The answer is surprisingly simple. The original Transformer has two halves, and researchers discovered that you can take either half (or both) and pretrain it on a massive corpus to create a powerful language model. The choice of which half you use determines what your model is naturally good at:
Use only the encoder → a model that excels at understanding text (classification, NER, similarity)
Use only the decoder → a model that excels at generating text (completions, conversations, creative writing)

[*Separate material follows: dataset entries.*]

(* Let $N=\{1,\dots,n\}$, $\eta>0$, integers $B\ge1$, $Q\ge1$. Let $(A(k))_{k\ge0}$ be $n\times n$ matrices, let $x(0)\in\mathbb{R}^n$ have all components multiples of $1/Q$, and define componentwise $x_i(k+1)=\lfloor\sum_{j=1}^na_{ij}(k)x_j(k)\rfloor$, where $\lfloor\cdot\rfloor$ is rounding down to the nearest multiple of $1/Q$. Assume: (i) each $A(k)$ is doubly stochastic with positive diagonal entries and all positive entries at least $\eta$; (ii) for every integer $k\ge0$, every permutation $\sigma$ of $N$ with $x_{\sigma(1)}(kB)\ge\cdots\ge x_{\sigma(n)}(kB)$, and every $d\in\{1,\dots,n-1\}$, either $x_{\sigma(d)}(kB)=x_{\sigma(d+1)}(kB)$, or there exist $t\in\{kB,\dots,(k+1)B-1\}$, $i\in\{\sigma(1),\dots,\sigma(d)\}$, $j\in\{\sigma(d+1),\dots,\sigma(n)\}$ with $(i,j)$ or $(j,i)$ in $\mathcal{E}(A(t))$. Then for every integer $k\ge0$ and every permutation $\sigma$ of $N$ with $x_{\sigma(1)}(kB)\ge\cdots\ge x_{\sigma(n)}(kB)$, \[\underline{V}(x(kB))-\underline{V}(x((k+1)B))\ge\frac\eta2\sum_{i=1}^{n-1}\big(x_{\sigma(i)}(kB)-x_{\sigma(i+1)}(kB)\big)^2.\]
   Context: A matrix is doubly stochastic if it is nonnegative with all row and column sums equal to $1$. For a matrix $A=[a_{ij}]$, $\mathcal{E}(A)$ is the set of directed edges $(j,i)$ (including self-edges) with $a_{ij}>0$. For $x\in\mathbb{R}^n$, $m(x)=\min_ix_i$ and $\underline{V}(x)=\sum_{i=1}^n(x_i-m(x))^2$. *)

From HB Require Import structures.
From mathcomp Require Import all_boot all_order all_fingroup all_algebra.
From mathcomp Require Import reals.
Set Implicit Arguments. Unset Strict Implicit. Unset Printing Implicit Defensive.
Import Order.TTheory GRing.Theory Num.Theory.
Local Open Scope ring_scope.

(* Index set N = {1..n} is represented by 'I_n = {0..n-1}. *)

Definition qfloor (R : realType) (Q : nat) (y : R) : R :=
  (Num.floor (y * Q%:R))%:~R / Q%:R.

Definition doubly_stochastic (R : realType) (n : nat) (A : 'M[R]_n) : Prop :=
  (forall i j, 0 <= A i j) /\
  (forall i, \sum_j A i j = 1) /\
  (forall j, \sum_i A i j = 1).

Definition in_edges (R : realType) (n : nat) (A : 'M[R]_n) (e : 'I_n * 'I_n) : Prop :=
  0 < A e.2 e.1.

(* m(x) = min_i x_i (the default value is irrelevant when n > 0) *)
Definition mmin (R : realType) (n : nat) (x : 'I_n -> R) : R :=
  \big[Num.min/head 0 [seq x i | i <- enum 'I_n]]_(i < n) x i.

Definition Vlow (R : realType) (n : nat) (x : 'I_n -> R) : R :=
  \sum_(i < n) (x i - mmin x) ^+ 2.

Definition sorted_by (R : realType) (n : nat) (x : 'I_n -> R) (s : 'S_n) : Prop :=
  forall p q : 'I_n, (p <= q)%N -> x (s q) <= x (s p).

From HB Require Import structures.
From mathcomp Require Import all_boot all_order all_fingroup all_algebra.
From mathcomp Require Import reals.
From mathcomp Require Import ring lra.
Import Order.TTheory GRing.Theory Num.Theory.
Set Implicit Arguments. Unset Strict Implicit. Unset Printing Implicit Defensive.
Local Open Scope ring_scope.

(* Each step lowers V by at least the total dispersion sum_i sum_j a_ij (x_j - y_i)^2
   around the averages y = A x: rounding down cannot push an entry below m(x), since
   m(x) is itself on the grid.  Row i sees all values between the smallest and the
   largest entry of its neighbourhood, and contributes at least eta/2 times the
   square of that range.  Call the gap between the d-th and (d+1)-th largest entries
   of x(kB) a cut; by (ii) every nonzero cut is crossed by an edge during the window.
   Until it is first crossed, the top side of a cut stays above it and the bottom
   side below it, so every row witnessing that first crossing has a range containing
   the gap.  The gaps charged to one row are disjoint subintervals of its range, so
   their squares sum to at most the square of the range. *)

Definition on_grid (R : realType) (Q : nat) (y : R) : Prop :=
  exists z : int, y = z%:~R / Q%:R.

Lemma qfloor_on_grid (R : realType) (Q : nat) (y : R) : on_grid Q (qfloor Q y).
Proof. by rewrite /qfloor; eexists. Qed.

Lemma qfloor_le (R : realType) (Q : nat) (y : R) : (0 < Q)%N -> qfloor Q y <= y.
Proof. by move=> Q_gt0; rewrite /qfloor ler_pdivrMr ?ltr0n // floor_le. Qed.

Lemma qfloor_ge_grid (R : realType) (Q : nat) (c y : R) :
  (0 < Q)%N -> on_grid Q c -> c <= y -> c <= qfloor Q y.
Proof.
move=> Q_gt0 [z ->]; rewrite /qfloor ler_pdivrMr ?ltr0n // => zy.
by rewrite ler_pM2r ?invr_gt0 ?ltr0n // ler_int floor_ge_int.
Qed.

Section WeightedAverage.
Variables (R : realType) (I : finType) (w : I -> R).
Hypotheses (w_ge0 : forall j, 0 <= w j) (w_sum1 : \sum_j w j = 1).

Lemma avg_ge (c : R) (y : I -> R) :
  (forall j, 0 < w j -> c <= y j) -> c <= \sum_j w j * y j.
Proof.
move=> c_le; rewrite -[c]mul1r -w_sum1 mulr_suml; apply: ler_sum => j _.
have := w_ge0 j; rewrite le_eqVlt => /orP [/eqP <-|wj]; first by rewrite !mul0r.
by rewrite ler_pM2l // c_le.
Qed.

Lemma avg_le (c : R) (y : I -> R) :
  (forall j, 0 < w j -> y j <= c) -> \sum_j w j * y j <= c.
Proof.
move=> le_c; rewrite -[c]mul1r -w_sum1 mulr_suml; apply: ler_sum => j _.
have := w_ge0 j; rewrite le_eqVlt => /orP [/eqP <-|wj]; first by rewrite !mul0r.
by rewrite ler_pM2l // le_c.
Qed.

Lemma sum_sq_dev_avg (c : R) (y : I -> R) :
  \sum_j w j * (y j - \sum_l w l * y l) ^+ 2 =
  \sum_j w j * (y j - c) ^+ 2 - (\sum_l w l * y l - c) ^+ 2.
Proof.
set m := \sum_l w l * y l.
have expand j : w j * (y j - m) ^+ 2 = w j * (y j - c) ^+ 2 +
    ((-2 * (m - c)) * (w j * y j) + ((m - c) ^+ 2 + 2 * (m - c) * c) * w j).
  by ring.
rewrite (eq_bigr _ (fun j _ => expand j)) !big_split /= -!mulr_sumr w_sum1 -/m.
ring.
Qed.

Lemma sum_sq_dev_ge_gap (eta u : R) (y : I -> R) a b :
  0 <= eta -> eta <= w a -> eta <= w b ->
  eta / 2 * (y a - y b) ^+ 2 <= \sum_j w j * (y j - u) ^+ 2.
Proof.
move=> eta_ge0 eta_a eta_b.
have term_ge0 j : 0 <= w j * (y j - u) ^+ 2 by rewrite mulr_ge0 ?sqr_ge0.
have [<-|nab] := eqVneq a b.
  by rewrite subrr expr0n /= mulr0 sumr_ge0.
rewrite (bigD1 a) //= (bigD1 b) /=; last by rewrite eq_sym nab.
have rest_ge0 : 0 <= \sum_(j | (j != a) && (j != b)) w j * (y j - u) ^+ 2.
  exact: sumr_ge0.
have sa : eta * (y a - u) ^+ 2 <= w a * (y a - u) ^+ 2 by apply: ler_wpM2r; rewrite ?sqr_ge0.
have sb : eta * (y b - u) ^+ 2 <= w b * (y b - u) ^+ 2 by apply: ler_wpM2r; rewrite ?sqr_ge0.
have mid_ge0 : 0 <= eta * (y a + y b - 2 * u) ^+ 2 by rewrite mulr_ge0 ?sqr_ge0.
have -> : eta / 2 * (y a - y b) ^+ 2 =
    eta * (y a - u) ^+ 2 + eta * (y b - u) ^+ 2 - eta * (y a + y b - 2 * u) ^+ 2 / 2.
  by field.
lra.
Qed.

End WeightedAverage.

Definition dispersion (R : realType) (n : nat) (A : 'M[R]_n) (y : 'I_n -> R) : R :=
  \sum_i \sum_j A i j * (y j - \sum_l A i l * y l) ^+ 2.

Lemma mmin_le (R : realType) (n : nat) (y : 'I_n -> R) i : mmin y <= y i.
Proof. exact: bigmin_le. Qed.

Lemma mmin_attained (R : realType) (n : nat) (y : 'I_n -> R) (i0 : 'I_n) :
  exists i, mmin y = y i.
Proof.
case: (arg_minP y (isT : predT i0)) => i _ i_min; exists i.
apply/le_anti; rewrite mmin_le /=; apply: le_bigmin => [|j _]; last exact: i_min.
case E: (enum 'I_n) => [|j s] /=; last exact: i_min.
by have := mem_enum 'I_n i0; rewrite E.
Qed.

Lemma Vlow_quantized_step (R : realType) (n Q : nat) (A : 'M[R]_n) (y z : 'I_n -> R) :
  (0 < Q)%N -> doubly_stochastic A -> (forall i, on_grid Q (y i)) ->
  (forall i, z i = qfloor Q (\sum_j A i j * y j)) ->
  dispersion A y <= Vlow y - Vlow z.
Proof.
case: n A y z => [|n] A y z Q_gt0 [A_ge0 [A_row A_col]] y_grid z_def.
  by rewrite /dispersion /Vlow !big_ord0 subrr.
set c := mmin y; have [ic c_def] := mmin_attained y ord0.
have c_le_z i : c <= z i.
  rewrite z_def; apply: qfloor_ge_grid => //; first by rewrite /c c_def.
  by apply: (avg_ge (A_ge0 i) (A_row i)) => j _; apply: mmin_le.
have z_le_avg i : z i <= \sum_j A i j * y j by rewrite z_def qfloor_le.
have c_le_mz : c <= mmin z by have [j ->] := mmin_attained z ord0.
have Vz_le : Vlow z <= \sum_i (\sum_j A i j * y j - c) ^+ 2.
  apply: ler_sum => i _; have := mmin_le z i; have := c_le_z i; have := z_le_avg i.
  nra.
suff : \sum_i (\sum_j A i j * y j - c) ^+ 2 = Vlow y - dispersion A y by lra.
rewrite /dispersion (eq_bigr _ (fun i _ => sum_sq_dev_avg (A_row i) c y)).
rewrite sumrB exchange_big /=.
have -> : \sum_j \sum_i A i j * (y j - c) ^+ 2 = Vlow y.
  by apply: eq_bigr => j _; rewrite -mulr_suml A_col mul1r.
ring.
Qed.

Lemma sum_gaps_within_le (R : realType) (w : nat -> R) (lo hi : R) (N : nat) :
  lo <= hi -> (forall d, (d < N)%N -> w d.+1 <= w d) ->
  \sum_(d < N) (if (lo <= w d.+1) && (w d <= hi) then w d - w d.+1 else 0) <= hi - lo.
Proof.
move=> lo_hi w_dec; pose clamp y := Num.max lo (Num.min y hi).
have clamp_mono y y' : y <= y' -> clamp y <= clamp y'.
  by move=> yy'; rewrite le_max2 ?le_min2.
have clamp_id y : lo <= y <= hi -> clamp y = y.
  by case/andP => lo_y y_hi; rewrite /clamp min_l // max_r.
have clamp_range y : lo <= clamp y <= hi.
  by rewrite le_max lexx /= ge_max lo_hi ge_min lexx orbT.
apply: (@le_trans _ _ (\sum_(d < N) (clamp (w d) - clamp (w d.+1)))).
  apply: ler_sum => d _; case: ifP => [/andP [lo_w w_hi]|_].
    have w_dd := w_dec d (ltn_ord d).
    by rewrite !clamp_id ?lo_w ?w_hi ?(le_trans w_dd) ?(le_trans lo_w).
  by rewrite subr_ge0 clamp_mono ?w_dec.
rewrite -(big_mkord xpredT (fun d => clamp (w d) - clamp (w d.+1))).
rewrite (@telescope_sumr_eq _ 0 N (fun d => - clamp (w d))) // => [|d _]; last first.
  by rewrite opprK addrC.
by have := clamp_range (w 0%N); have := clamp_range (w N); lra.
Qed.

Lemma sum_succ_pairs (R : realType) (n : nat) (F : 'I_n.+1 -> 'I_n.+1 -> R) :
  \sum_(p < n.+1) \sum_(q < n.+1 | val q == (val p).+1) F p q =
  \sum_(d < n) F (inord d) (inord d.+1).
Proof.
rewrite big_ord_recr /= [X in _ + X]big_pred0 => [|q]; last first.
  by apply/negbTE; rewrite neq_ltn ltn_ord.
rewrite addr0; apply: eq_bigr => p _.
have p_lt : (p < n)%N := ltn_ord p.
have -> : widen_ord (leqnSn n) p = inord p.
  by apply: val_inj; rewrite /= inordK // ltnW.
by apply: big_pred1 => q /=; rewrite -val_eqE /= !inordK // ltnW.
Qed.

Lemma sum_sq_gaps_within_le (R : realType) (n : nat) (v : 'I_n -> R) (lo hi : R) :
  (forall p q : 'I_n, (p <= q)%N -> v q <= v p) -> lo <= hi ->
  \sum_(p < n) \sum_(q < n | val q == (val p).+1)
     (if (lo <= v q) && (v p <= hi) then (v p - v q) ^+ 2 else 0) <= (hi - lo) ^+ 2.
Proof.
move=> v_dec lo_hi.
have gaps_le : \sum_(p < n) \sum_(q < n | val q == (val p).+1)
    (if (lo <= v q) && (v p <= hi) then v p - v q else 0) <= hi - lo.
  case: n v v_dec => [|n] v v_dec; first by rewrite big_ord0 subr_ge0.
  rewrite sum_succ_pairs.
  apply: (@sum_gaps_within_le R (fun d => v (inord d))) => // d d_lt.
  by apply: v_dec; rewrite /= !inordK // ltnW.
rewrite expr2; apply: le_trans (ler_wpM2l _ gaps_le); last by rewrite subr_ge0.
rewrite mulr_sumr; apply: ler_sum => p _; rewrite mulr_sumr; apply: ler_sum => q /eqP q_succ.
case: ifP => [/andP [lo_q p_hi]|_]; last by rewrite mulr0.
have : v q <= v p by apply: v_dec; rewrite q_succ.
nra.
Qed.

Definition first_hit (P : nat -> bool) (T0 t : nat) : bool :=
  P t && all (predC P) (index_iota T0 t).

Lemma first_hit_before (P : nat -> bool) (T0 t t' : nat) :
  first_hit P T0 t -> (T0 <= t' < t)%N -> ~~ P t'.
Proof. by case/andP => _ /allP before t'_in; apply: before; rewrite mem_index_iota. Qed.
(* Let $\Gamma$ be a set of axioms. Then $\mathsf{ICK}\oplus\Gamma$ is sound and complete with respect to the class of general frames that validate $\Gamma$.
   Context: Formulas are generated by $\phi ::= p\mid\bot\mid\phi\wedge\phi\mid\phi\vee\phi\mid\phi\to\phi\mid\phi\mathrel{\Box\!\!\!\rightarrow}\phi$. $\mathsf{ICK}\oplus\Gamma$ is the smallest set of formulas containing intuitionistic propositional logic, $\Gamma$, $(p\mathrel{\Box\!\!\!\rightarrow}(q\wedge r))\leftrightarrow((p\mathrel{\Box\!\!\!\rightarrow} q)\wedge(p\mathrel{\Box\!\!\!\rightarrow} r))$ and $(p\mathrel{\Box\!\!\!\rightarrow}\top)\leftrightarrow\top$, closed under uniform substitution, modus ponens, and the congruence rules for both arguments of $\mathrel{\Box\!\!\!\rightarrow}$. A general frame is $(X,\leq,\mathcal{R},A)$ with $(X,\leq)$ a poset, $A$ a collection of upsets containing $X,\emptyset$ and closed under $\cap,\cup$, $a\to b=\{x\mid{\uparrow}x\cap a\subseteq b\}$ and $a\Rightarrow_c b=\{x\mid R_a[x]\subseteq b\}$, and $\mathcal{R}=\{R_a\mid a\in A\}$ relations with $(\leq\circ R_a)\subseteq(R_a\circ\leq)$. Validity is with respect to valuations into $A$, with $x\models\phi\mathrel{\Box\!\!\!\rightarrow}\psi$ iff every $y$ with $xR_{V(\phi)}y$ satisfies $\psi$. *)

Inductive form : Type :=
| Var : nat -> form
| Bot : form
| And : form -> form -> form
| Or  : form -> form -> form
| Imp : form -> form -> form
| Cond : form -> form -> form.

Definition Top : form := Imp Bot Bot.
Definition Iff (a b : form) : form := And (Imp a b) (Imp b a).

Fixpoint subst (s : nat -> form) (f : form) : form :=
  match f with
  | Var n => s n
  | Bot => Bot
  | And a b => And (subst s a) (subst s b)
  | Or a b => Or (subst s a) (subst s b)
  | Imp a b => Imp (subst s a) (subst s b)
  | Cond a b => Cond (subst s a) (subst s b)
  end.

Inductive ipc_axiom : form -> Prop :=
| ipc_K  : forall a b, ipc_axiom (Imp a (Imp b a))
| ipc_S  : forall a b c,
    ipc_axiom (Imp (Imp a (Imp b c)) (Imp (Imp a b) (Imp a c)))
| ipc_AndI  : forall a b, ipc_axiom (Imp a (Imp b (And a b)))
| ipc_AndE1 : forall a b, ipc_axiom (Imp (And a b) a)
| ipc_AndE2 : forall a b, ipc_axiom (Imp (And a b) b)
| ipc_OrI1  : forall a b, ipc_axiom (Imp a (Or a b))
| ipc_OrI2  : forall a b, ipc_axiom (Imp b (Or a b))
| ipc_OrE   : forall a b c,
    ipc_axiom (Imp (Imp a c) (Imp (Imp b c) (Imp (Or a b) c)))
| ipc_Bot   : forall a, ipc_axiom (Imp Bot a).

Definition p0 := Var 0.
Definition p1 := Var 1.
Definition p2 := Var 2.

Inductive ICK (Gamma : form -> Prop) : form -> Prop :=
| ICK_ipc : forall f, ipc_axiom f -> ICK Gamma f
| ICK_Gamma : forall f, Gamma f -> ICK Gamma f
| ICK_C : ICK Gamma (Iff (Cond p0 (And p1 p2)) (And (Cond p0 p1) (Cond p0 p2)))
| ICK_N : ICK Gamma (Iff (Cond p0 Top) Top)
| ICK_subst : forall s f, ICK Gamma f -> ICK Gamma (subst s f)
| ICK_mp : forall a b, ICK Gamma (Imp a b) -> ICK Gamma a -> ICK Gamma b
| ICK_congL : forall a b c, ICK Gamma (Iff a b) ->
    ICK Gamma (Iff (Cond a c) (Cond b c))
| ICK_congR : forall a b c, ICK Gamma (Iff a b) ->
    ICK Gamma (Iff (Cond c a) (Cond c b)).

Use both → a model that excels at transforming one text into another (translation, summarization)
This lecture explores each of these three families. We’ll see how a single architectural choice — which half of the Transformer you keep, and what you mask — leads to fundamentally different capabilities.
Figure 1:The original Transformer splits into three model families, each defined by which components are kept and what pretraining objective is used.
import torch
import torch.nn.functional as F
import matplotlib.pyplot as plt
import matplotlib.patches as mpatchesEncoder-Only Models¶
The Key Idea: Bidirectional Context¶
Recall from Week 6 that the encoder side of the Transformer uses bidirectional attention — every token can attend to every other token in the sequence. There is no causal mask. When processing the word “bank” in “I sat by the river bank,” the model sees both the left context (“I sat by the river”) and the right context simultaneously. This is incredibly powerful for tasks that require understanding the meaning of text.
Encoder-only models take just this encoder stack and throw away the decoder entirely. The result is a model that builds rich, contextual representations of input text — representations that capture meaning in both directions.
But here’s a problem: if the model can see everything at once, how do we train it? We can’t use next-token prediction because the model would simply look ahead and copy the answer. We need a different pretraining objective.
Masked Language Modeling¶
The solution is Masked Language Modeling — a clever “fill-in-the-blank” game. During training, we randomly mask out about 15% of the tokens in each input and ask the model to predict them from the surrounding context.
For example, given the input:
“The cat [MASK] on the [MASK] because it was tired”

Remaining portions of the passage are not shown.